The Advocate General of the CJEU Proposes to Uphold the Validity of the Standard Contractual Clauses but Questions the Validity of the E.U.-US Privacy Shield
In a non-binding recommendation, the Advocate General of the Court of Justice of the European Union (CJEU) recommended that Court uphold the validity of the Standard Contractual Clauses but questioned the validity of the E.U.-US Privacy Shield.
The General Data Protection Regulation (GDPR) provides that personal data may be transferred outside of the European Economic Area only if the transferee country ensures an adequate level of protection of the data. In the absence of the adequacy decision by the European Commission, data can only be transferred on the basis of one of several prescribed mechanisms.
The Standard Contractual Clauses (SCCs) incorporated into the contract between the exporter and importer of the data is the most widely used solution for organizations to facilitate cross-border data transfers in compliance with the GDPR. According to a recent survey, about 88% of the companies rely on the SSCs.
The EU-U.S. Privacy Shield, which was officially adopted in 2016 by the European Commission, is also a data transfer mechanism between the two regions. The Privacy Shield replaced the Safe Harbor data transfer framework which was invalidated by the CJEU in 2015 as a result of a legal challenge brought by privacy advocate Max Schrems stemming from transfers of his data from an Irish Facebook subsidiary to Facebook servers located in the United States (Schrems I). The CJEU found that the Safe Harbor lacked protection of fundamental rights “essentially equivalent” to that in the EU. Particularly, it found that the U.S. national security, public interest and law enforcement have been placed above the Safe Harbor principles.
Following the 2015 CJEU decision, Facebook sought to rely on the SCCs as the basis for the cross-border transfer of Schrems’s personal data. Schrems, in turn, asserted that the SCCs could not justify the transfer to the United States given the potential for the U.S. government’s access to his data (Schrems II). The High Court of Ireland referred the matter to the CJEU.
The Advocate General of the CJEU proposed that the Court should uphold the validity of the SCCs. The Advocate General concluded that:
(1) The EU law applies to a transfer of personal data from a member state to a third country where that transfer forms part of a commercial activity, even if the transferred data may undergo processing by government authorities intending to protect the national security of that country;
(2) The fact that the SCCs are not binding on government authorities in the destination country does not, in itself, render them invalid. Rather, the compatibility of the SCCs with the provisions of the Charter of Fundamental Rights of European Union depends on the existence of the mechanisms to ensure that transfers based on the SCCs are suspended or prohibited where those clauses are breached or impossible to honor;
(3) Such mechanism already exists under the SCCs as they implicitly obligate the data exporter to suspend the transfer or terminate the contract in the event when the legal obligations imposed on the importer entail a breach of the SCCs and therefore prevent the transfer from being accomplished by appropriate safeguards;
(4) In that regard, the parties to the data transfer contract are required to undertake an examination which would consider all the circumstances pertaining to the transfer, including the nature and sensitivity of the data, the mechanisms employed by the exporter and the importer to ensure data security, the nature and purpose of the processing by the government authority in the receiving country, as well as the limitations and safeguards ensured by that country.

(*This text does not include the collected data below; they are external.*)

Lemma delta_min_lt_8_div (Q N : nat) :
  (A < Q)%nat -> (36 * A * A * A * (Q * Q) <= N)%nat -> delta_min lam N < 8 / INR Q.
Proof.
  intros HQ HN.
  destruct (dirichlet_approximation_pos Q HQ) as (q & P & Hq & HP & Hqp & HPQ).
  assert (HQr : INR q <= INR Q) by (apply le_INR; lia).
  assert (HQ1 : 1 <= INR Q) by (apply (le_INR 1); lia).
  set (x := a * INR (2 * q + 1) ^ 2 + INR (2 * P - 1) ^ 2).
  set (y := a * INR (2 * q - 1) ^ 2 + INR (2 * P + 1) ^ 2).
  assert (Hdiff : x - y = 8 * (INR q * a - INR P)) by (apply spectrum_pair_diff; lia).
  assert (Hne : x <> y).
  { intros Exy. apply Hirr. exists (Z.of_nat P), (Z.of_nat q). split; [lia|].
    rewrite <- !INR_IZR_INZ. assert (1 <= INR q) by (apply (le_INR 1); lia).
    field_simplify_eq; lra. }
  assert (Hval : forall m n, (m <= 2 * q + 1)%nat -> (n <= 2 * P + 1)%nat ->
                 a * INR m ^ 2 + INR n ^ 2 <= 34 * (INR A * INR Q) ^ 2).
  { intros m n Hm%le_INR Hn%le_INR. rewrite plus_INR, mult_INR in Hm, Hn. simpl in Hm, Hn.
    apply spectrum_value_le; [lia | lra | lra]. }
  destruct (box_bound_lt Q ltac:(lia)) as [HM HK].
  apply (Rle_lt_trans _ (Rabs (x - y))).
  - assert (Hx : in_spectrum a x)
      by (exists (2 * q + 1)%nat, (2 * P - 1)%nat; repeat split; lia).
    assert (Hy : in_spectrum a y)
      by (exists (2 * q - 1)%nat, (2 * P + 1)%nat; repeat split; lia).
    apply (delta_min_le_spectrum_dist N (6 * A * A * Q) (6 * A * Q) y x _ Hy Hx (not_eq_sym Hne)
             (Hval (2 * q - 1)%nat (2 * P + 1)%nat ltac:(lia) ltac:(lia))
             (Hval (2 * q + 1)%nat (2 * P - 1)%nat ltac:(lia) ltac:(lia)) HM HK).
    nia.
  - rewrite Hdiff, Rabs_mult, Rabs_right by lra.
    unfold Rdiv. apply Rmult_lt_compat_l; lra.
Qed.

Lemma delta_min_mul_sqrt_le (Q N : nat) : (2 <= N)%nat ->
  (36 * A * A * A * (Q * Q) <= N)%nat ->
  sqrt (INR N) < sqrt (INR (36 * A * A * A)) * INR (S Q) ->
  delta_min lam N * sqrt (INR N) <= sqrt (INR (36 * A * A * A)) * (16 + 3 * a * INR (S A)).
Proof.
  intros HN HQN Hsqrt. set (sD := sqrt (INR (36 * A * A * A))) in *.
  assert (HsN : 0 <= sqrt (INR N)) by apply sqrt_pos.
  assert (HsD : 0 <= sD) by apply sqrt_pos.
  assert (HSA : 0 <= 3 * a * (sD * INR (S A)))
    by (pose proof (pos_INR (S A)); apply Rmult_le_pos; nra).
  replace (sD * (16 + 3 * a * INR (S A))) with (16 * sD + 3 * a * (sD * INR (S A))) by ring.
  destruct (le_lt_dec Q A) as [Hsmall | Hlarge].
  - assert (Hgap : delta_min lam N <= 3 * a).
    { pose proof (delta_min_le_gap lam N 1 (le_n 1) ltac:(lia)). pose proof first_gap_le. lra. }
    assert (INR (S Q) <= INR (S A)) by (apply le_INR; lia).
    assert (delta_min lam N * sqrt (INR N) <= 3 * a * sqrt (INR N))
      by (apply Rmult_le_compat_r; lra).
    assert (3 * a * sqrt (INR N) <= 3 * a * (sD * INR (S A)))
      by (apply Rmult_le_compat_l; nra).
    lra.
  - assert (HQ : 1 <= INR Q) by (apply (le_INR 1); lia).
    assert (Hgap : delta_min lam N < 8 / INR Q) by (apply delta_min_lt_8_div; lia).
    assert (HsQ : sqrt (INR N) <= 2 * sD * INR Q) by (rewrite S_INR in Hsqrt; nra).
    assert (delta_min lam N * sqrt (INR N) <= 8 / INR Q * sqrt (INR N))
      by (apply Rmult_le_compat_r; lra).
    assert (8 / INR Q * sqrt (INR N) <= 8 / INR Q * (2 * sD * INR Q))
      by (apply Rmult_le_compat_l; [apply Rlt_le, Rdiv_lt_0_compat |]; lra).
    replace (8 / INR Q * (2 * sD * INR Q)) with (16 * sD) in * by (field; lra).
    lra.
Qed.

(5) Where the controller fails to discharge its obligation to suspend the transfer, the EU’s local data protection authority has the power to suspend the transfer if it concludes that the transferred data is not adequately protected.

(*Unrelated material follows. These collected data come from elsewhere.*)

Section ImplicitZeroCurve.

Variables (g : R -> R -> R) (sig0 tau0 : R).
Hypothesis tau0p : 0 < tau0.
Hypothesis g_incr : forall s a b, Rabs s <= sig0 -> - tau0 <= a -> a < b -> b <= tau0 ->
  g s a < g s b.
Hypothesis g_cont_s : forall s0 t, Rabs s0 <= sig0 -> forall e, 0 < e ->
  exists del, 0 < del /\ forall s, Rabs (s - s0) < del -> Rabs (g s t - g s0 t) < e.
Hypothesis g_cont_t : forall s, continuity (g s).
Hypothesis g00 : g 0 0 = 0.

Lemma sign_change_persists s0 a b : Rabs s0 <= sig0 -> g s0 a < 0 < g s0 b ->
  exists del, 0 < del /\ forall s, Rabs (s - s0) < del -> g s a < 0 < g s b.
Proof.
move=> Hs0 [Ha Hb].
have [da [Hda Ea]] := g_cont_s a Hs0 (ltac:(lra) : 0 < - g s0 a).
have [db [Hdb Eb]] := g_cont_s b Hs0 Hb.
exists (Rmin da db); split; first exact: Rmin_glb_lt.
move=> s Hs; have /Rabs_def2 := Ea s (Rlt_le_trans _ _ _ Hs (Rmin_l _ _)).
have /Rabs_def2 := Eb s (Rlt_le_trans _ _ _ Hs (Rmin_r _ _)); lra.
Qed.

Lemma zero_between s a b z : Rabs s <= sig0 -> - tau0 <= a <= tau0 -> - tau0 <= b <= tau0 ->
  - tau0 <= z <= tau0 -> g s a < 0 < g s b -> g s z = 0 -> a < z < b.
Proof.
move=> Hs Ha Hb Hz [ga gb] gz; split; apply: Rnot_le_lt => Hle.
- case: (Req_dec z a) => [E|ne]; first by rewrite E in gz; lra.
  have := g_incr Hs (proj1 Hz) (ltac:(lra) : z < a) (proj2 Ha); lra.
- case: (Req_dec z b) => [E|ne]; first by rewrite E in gz; lra.
  have := g_incr Hs (proj1 Hb) (ltac:(lra) : b < z) (proj2 Hz); lra.
Qed.

Lemma implicit_zero_exists : 0 < sig0 -> exists sig1 (T : R -> R), 0 < sig1 <= sig0 /\
  forall s, Rabs s < sig1 -> - (tau0 / 2) <= T s <= tau0 / 2 /\ g s (T s) = 0.
Proof.
move=> sig0p; set tau1 := tau0 / 2.
have abs0 : Rabs 0 <= sig0 by rewrite Rabs_R0; lra.
have sign0 : g 0 (- tau1) < 0 < g 0 tau1.
  have := g_incr abs0 (ltac:(rewrite /tau1; lra) : - tau0 <= - tau1)
    (ltac:(rewrite /tau1; lra) : - tau1 < 0) (ltac:(lra) : 0 <= tau0).
  have := g_incr abs0 (ltac:(lra) : - tau0 <= 0) (ltac:(rewrite /tau1; lra) : 0 < tau1)
    (ltac:(rewrite /tau1; lra) : tau1 <= tau0).
  rewrite g00; lra.
have [del [Hdel Hsign]] := sign_change_persists abs0 sign0.
have Hex : forall s, exists t, Rabs s < Rmin del sig0 -> - tau1 <= t <= tau1 /\ g s t = 0.
  move=> s; case: (Rlt_dec (Rabs s) (Rmin del sig0)) => Hs; last by exists 0.
  have [Hn Hp] := Hsign s ltac:(rewrite Rminus_0_r; exact: Rlt_le_trans Hs (Rmin_l _ _)).
  have [z Hz] := IVT (g s) (- tau1) tau1 (g_cont_t s) ltac:(rewrite /tau1; lra) Hn Hp.
  by exists z.
have [T HT] := choice _ Hex.
exists (Rmin del sig0), T; split => //.
by split; [exact: Rmin_glb_lt | exact: Rmin_r].
Qed.

(* Any such choice of zeros is continuous: a sign change of g s0 around
   T(s0) persists for s near s0 and traps T(s). *)
Lemma implicit_zero_cont (T : R -> R) sig1 : sig1 <= sig0 ->
  (forall s, Rabs s < sig1 -> - (tau0 / 2) <= T s <= tau0 / 2 /\ g s (T s) = 0) ->
  forall s0, Rabs s0 < sig1 -> forall eta, 0 < eta -> exists del, 0 < del /\
    forall s, Rabs (s - s0) < del -> Rabs (T s - T s0) < eta.
Proof.
move=> s10 HT s0 Hs0 eta Heta.
set tau1 := tau0 / 2 in HT.
have [B0 E0] := HT s0 Hs0.
set et := Rmin eta tau1.
have etp : 0 < et by apply: Rmin_glb_lt => //; rewrite /tau1; lra.
have ete : et <= eta := Rmin_l _ _; have ett : et <= tau1 := Rmin_r _ _.
have box : forall y, - tau1 <= y <= tau1 ->
    - tau0 <= y - et <= tau0 /\ - tau0 <= y + et <= tau0.
  by move=> y; rewrite /tau1 in ett |- *; lra.
have sgn : g s0 (T s0 - et) < 0 < g s0 (T s0 + et).
  rewrite -E0; have [[? ?] [? ?]] := box _ B0.
  by split; apply: g_incr; lra.
have [d [Hd Hsgn]] := sign_change_persists (ltac:(lra) : Rabs s0 <= sig0) sgn.
exists (Rmin d (sig1 - Rabs s0)); split; first by apply: Rmin_glb_lt; lra.
move=> s Hs.
have Hs1 : Rabs s < sig1.
  have := Rmin_r d (sig1 - Rabs s0); have := Rabs_triang (s - s0) s0.
  have -> : s - s0 + s0 = s by ring.
  lra.
have [B E] := HT s Hs1.
have := zero_between (ltac:(lra) : Rabs s <= sig0) (proj1 (box _ B0)) (proj2 (box _ B0))
  (ltac:(rewrite /tau1 in B; lra) : - tau0 <= T s <= tau0)
  (Hsgn s (Rlt_le_trans _ _ _ Hs (Rmin_l _ _))) E.
by move=> H; apply: Rabs_def1; lra.
Qed.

With respect to the Privacy Shield, the Advocate General concluded that it was not necessary for the CJEU to examine its validity in the case before the Court. Nevertheless, the Advocate General offered his observations on the Privacy Shield’s validity and questioned the adequacy of the level of protection ensured by the Unites States with respect to the electronic communications surveillance activities carried out by the U.S. intelligence activities. The validity of the Privacy Shield is a subject of a separate case brought by La Quadrature du Net before the General Court of the EU. The decision in that case, originally expected in July, was postponed pending the resolution of Schrems II.
The CJEU is expected to issue its opinion sometime in the first quarter of 2020. If the Court follows the Advocate General’s recommendations regarding the Standard Contractual Clauses, companies will face more compliance uncertainty and costs with respect to the cross-border data transfers as they would be required to engage in a case-by-case analysis of each transfer in the context of the receiving country’s national security laws.